JobManager里有个main方法,通过脚本启动,主要做的工作如下:
首先做一些检查,加载日志环境和配置
启动jobManager
try {
SecurityUtils.getInstalledContext.runSecured(new Callable[Unit] {
override def call(): Unit = {
runJobManager(
configuration,
executionMode,
externalHostName,
portRange)
}
})
} catch {
。。。
}
深入runJobManager方法,下面着重看下这个方法:
def runJobManager(
configuration: Configuration,
executionMode: JobManagerMode,
listeningAddress: String,
listeningPort: Int)
: Unit = {
。。。
// 首先启动JobManager ActorSystem,因为如果端口0之前被选中了,startActorSystem方法决定了使用哪个端口号,并进行相应的更新。

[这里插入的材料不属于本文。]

Lemma open_segs_cross_unique {a b c d z z' : pt} :
  orient c d a != 0 \/ orient c d b != 0 ->
  on_open_seg z a b -> on_open_seg z c d ->
  on_open_seg z' a b -> on_open_seg z' c d -> z = z'.
Proof.
move=> abcd [t [_ zE]] /orient_open_seg z0 [t' [_ z'E]] /orient_open_seg z'0.
have za : orient c d z = orient c d a + t * (orient c d b - orient c d a).
  by rewrite zE /orient /=; ring.
have z'a : orient c d z' = orient c d a + t' * (orient c d b - orient c d a).
  by rewrite z'E /orient /=; ring.
have [tt'|] := eqVneq t t'; first by rewrite zE z'E tt'.
rewrite -subr_eq0 => tt'.
have : (t - t') * (orient c d b - orient c d a) == 0 by apply/eqP; lra.
rewrite mulf_eq0 (negbTE tt') /= => /eqP ba.
have oa0 : orient c d a = 0 by rewrite -z0 za ba mulr0 addr0.
by exfalso; case: abcd => /eqP; apply; lra.
Qed.

Lemma tieP {V : finType} {G : V -> pt} {v a b : V} {q : pt} :
  orient (G v) (G a) (G b) != 0 ->
  tie G v a b q <-> 0 < orient (G v) q (G b) * orient (G v) (G a) q.
Proof.
rewrite /tie; move: (G v) (G a) (G b) => [c1 c2] [a1 a2] [b1 b2].
set k := orient _ _ _ => k0; split.
  case=> lam [al [be [lam0 [al0 [be0 ->]]]]].
  rewrite [X in 0 < X](_ : _ = (lam * k) ^+ 2 * (al * be)); last first.
    by rewrite /k /orient /=; ring.
  by apply: mulr_gt0; [rewrite exprn_even_gt0 //= mulf_neq0 | exact: mulr_gt0].
case: q => q1 q2; set X := orient _ _ (b1, b2); set Y := orient _ _ (q1, q2) => XY.
have X0 : X != 0 by apply: contraTneq XY => ->; rewrite mul0r ltxx.
exists (X / k), 1, (Y / X); split; first by rewrite mulf_neq0 ?invr_eq0.
split; first exact: ltr01.
split; first by rewrite [Y / X](_ : _ = X * Y / X ^+ 2) ?divr_gt0 ?exprn_even_gt0 //=; field.
by move: k0 X0; rewrite /X /Y /k /orient /= => k0 X0; congr (_, _); field; rewrite k0 X0.
Qed.
Lemma lin_lt_near a b c m : lin a b m < c ->
  exists e, 0 < e /\ forall y, dist2 m y < e -> lin a b y < c.
Proof.
  intros Hm. set (g := c - lin a b m).
  assert (Hg : 0 < g) by (unfold g; lra).
  assert (Hn : 0 <= a ^ 2 + b ^ 2) by nra.
  exists (g ^ 2 / (a ^ 2 + b ^ 2 + 1)). split; [apply Rdiv_lt_0_compat; nra |].
  intros y Hy. apply Rnot_le_lt. intros Hly.
  assert (He : (a ^ 2 + b ^ 2 + 1) * (g ^ 2 / (a ^ 2 + b ^ 2 + 1)) = g ^ 2) by (field; lra).
  pose proof (lin_sub_sq_le a b y m). rewrite dist2_sym in Hy. pose proof (dist2_nonneg y m).
  assert (g <= lin a b y - lin a b m) by (unfold g; lra).
  assert (g ^ 2 <= (lin a b y - lin a b m) ^ 2) by nra.
  nra.
Qed.

Lemma halfplane_closed (a b c : R) : Defs.closed_set (fun z : point => lin a b z <= c).
Proof.
  intros x Hx.
  destruct (lin_lt_near (- a) (- b) (- c) x) as [e [He Hy]]; [unfold lin in *; lra |].
  exists e. split; [exact He |]. intros y Hd. specialize (Hy y Hd). unfold lin in *. lra.
Qed.

Lemma in_halfplanes_closed hs : Defs.closed_set (in_halfplanes hs).
Proof.
  intros x Hx. destruct (not_in_halfplanes _ _ Hx) as [a [b [c [Hh Hc]]]].
  destruct (halfplane_closed a b c x) as [e [He Hy]]; [lra |].
  exists e. split; [exact He |]. intros y Hd Hy'. exact (Hy y Hd (Hy' _ Hh)).
Qed.

(** * Fourier-Motzkin elimination *)

Fixpoint dot (u v : list R) : R :=
  match u, v with
  | a :: u', b :: v' => a * b + dot u' v'
  | _, _ => 0
  end.

Fixpoint vadd (u v : list R) : list R :=
  match u, v with
  | a :: u', b :: v' => (a + b) :: vadd u' v'
  | [], v => v
  | u, [] => u
  end.

Definition vscale (k : R) (u : list R) : list R := map (Rmult k) u.

Lemma length_vscale k u : length (vscale k u) = length u.
Proof. apply length_map. Qed.

Lemma dot_nil_r u : dot u [] = 0.
Proof. destruct u; reflexivity. Qed.

Lemma dot_cons_r u t v : dot u (t :: v) = hd 0 u * t + dot (tl u) v.
Proof. destruct u; simpl; [ring | reflexivity]. Qed.

Lemma dot_vadd u v w : dot (vadd u v) w = dot u w + dot v w.
Proof.
  revert v w; induction u as [|a u IH]; intros [|b v] [|c w]; simpl; try ring.
  rewrite IH. ring.
Qed.

Lemma dot_vscale k u w : dot (vscale k u) w = k * dot u w.
Proof.
  revert w; induction u as [|a u IH]; intros [|b w]; simpl; try ring.
  unfold vscale in IH. rewrite IH. ring.
Qed.

Lemma dot_app u u' w w' : length u = length w -> dot (u ++ u') (w ++ w') = dot u w + dot u' w'.
Proof.
  revert w; induction u as [|a u IH]; intros [|b w] Hl; simpl in *; try lia; [ring |].
  rewrite IH by lia. ring.
Qed.

Definition ineq := (list R * R)%type.

Definition holds (r : ineq) (v : list R) : Prop := dot (fst r) v <= snd r.

Definition satisfies (S : list ineq) (v : list R) : Prop := forall r, In r S -> holds r v.

Lemma satisfies_app S1 S2 v : satisfies (S1 ++ S2) v <-> satisfies S1 v /\ satisfies S2 v.
Proof.
  unfold satisfies. split.
  - intros H. split; intros r Hr; apply H, in_or_app; tauto.
  - intros [H1 H2] r Hr. apply in_app_or in Hr as [Hr | Hr]; [exact (H1 r Hr) | exact (H2 r Hr)].
Qed.

Definition head_coef (r : ineq) : R := hd 0 (fst r).

Definition drop_head (r : ineq) : ineq := (tl (fst r), snd r).

Definition with_head (P : R -> Prop) (S : list ineq) : list ineq :=
  filter (fun r => if excluded_middle_informative (P (head_coef r)) then true else false) S.

Lemma in_with_head P S r : In r (with_head P S) <-> In r S /\ P (head_coef r).
Proof.
  unfold with_head. rewrite filter_In.
  destruct (excluded_middle_informative (P (head_coef r))); intuition discriminate.
Qed.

val jobManagerSystem = startActorSystem(
configuration,
listeningAddress,
listeningPort)
//创建HA服务
val highAvailabilityServices = HighAvailabilityServicesUtils.createHighAvailabilityServices(
configuration,
ioExecutor,
AddressResolution.NO_ADDRESS_RESOLUTION)
val metricRegistry = new MetricRegistryImpl(
MetricRegistryConfiguration.fromConfiguration(configuration))
//启动metrics查询服务
metricRegistry.startQueryService(jobManagerSystem, null)
//启动jobManager所有组件
val (_, _, webMonitorOption, _) = try {
startJobManagerActors(
jobManagerSystem,
configuration,
executionMode,
listeningAddress,
futureExecutor,
ioExecutor,
highAvailabilityServices,
metricRegistry,
classOf[JobManager],
classOf[MemoryArchivist],
Option(classOf[StandaloneResourceManager])
)
} catch {
...
}
// 阻塞 直至系统被shutdown
jobManagerSystem.awaitTermination()
//下面关闭所有服务
webMonitorOption.foreach{
webMonitor =>
try {
webMonitor.stop()
} catch {
case t: Throwable =>
LOG.warn("Could not properly stop the web monitor.", t)
}
}
...
。。。
try {
// 启动Jobmanager actor
val (jobManager, archive) = startJobManagerActors(
configuration,
jobManagerSystem,
futureExecutor,
ioExecutor,
highAvailabilityServices,
metricRegistry,
webMonitor.map(_.getRestAddress),
jobManagerClass,
archiveClass)
// 启动JobManager process reaper,在Jobmanager失败时来结束jobmanager jvm进程
jobManagerSystem.actorOf(
Props(
classOf[ProcessReaper],
jobManager,
LOG.logger,
RUNTIME_FAILURE_RETURN_CODE),
"JobManager_Process_Reaper")
// 如果是本地模式,启动一个本地taskmanager
if (executionMode == JobManagerMode.LOCAL) {
val resourceId = ResourceID.generate()
val taskManagerActor = TaskManager.startTaskManagerComponentsAndActor(
configuration,
resourceId,
jobManagerSystem,
highAvailabilityServices,
metricRegistry,
externalHostname,
Some(TaskExecutor.TASK_MANAGER_NAME),
localTaskManagerCommunication = true,
classOf[TaskManager])
jobManagerSystem.actorOf(
Props(
classOf[ProcessReaper],
taskManagerActor,
LOG.logger,
RUNTIME_FAILURE_RETURN_CODE),
"TaskManager_Process_Reaper")
}
。。。省略了webmonitor
val resourceManager =
resourceManagerClass match {
case Some(rmClass) =>
//启动Resource manager actor
Option(
FlinkResourceManager.startResourceManagerActors(
configuration,
jobManagerSystem,
highAvailabilityServices.getJobManagerLeaderRetriever(
HighAvailabilityServices.DEFAULT_JOB_ID),
rmClass))
case None =>
LOG.info("Resource Manager class not provided. No resource manager will be started.")
None
}
(jobManager, archive, webMonitor, resourceManager)
}
catch {
...
}
综上,启动了jobmanager和监控jobmanager的reaper,本地模式下启动taskmanager和监控taskmanager的reaper,resourcemanager。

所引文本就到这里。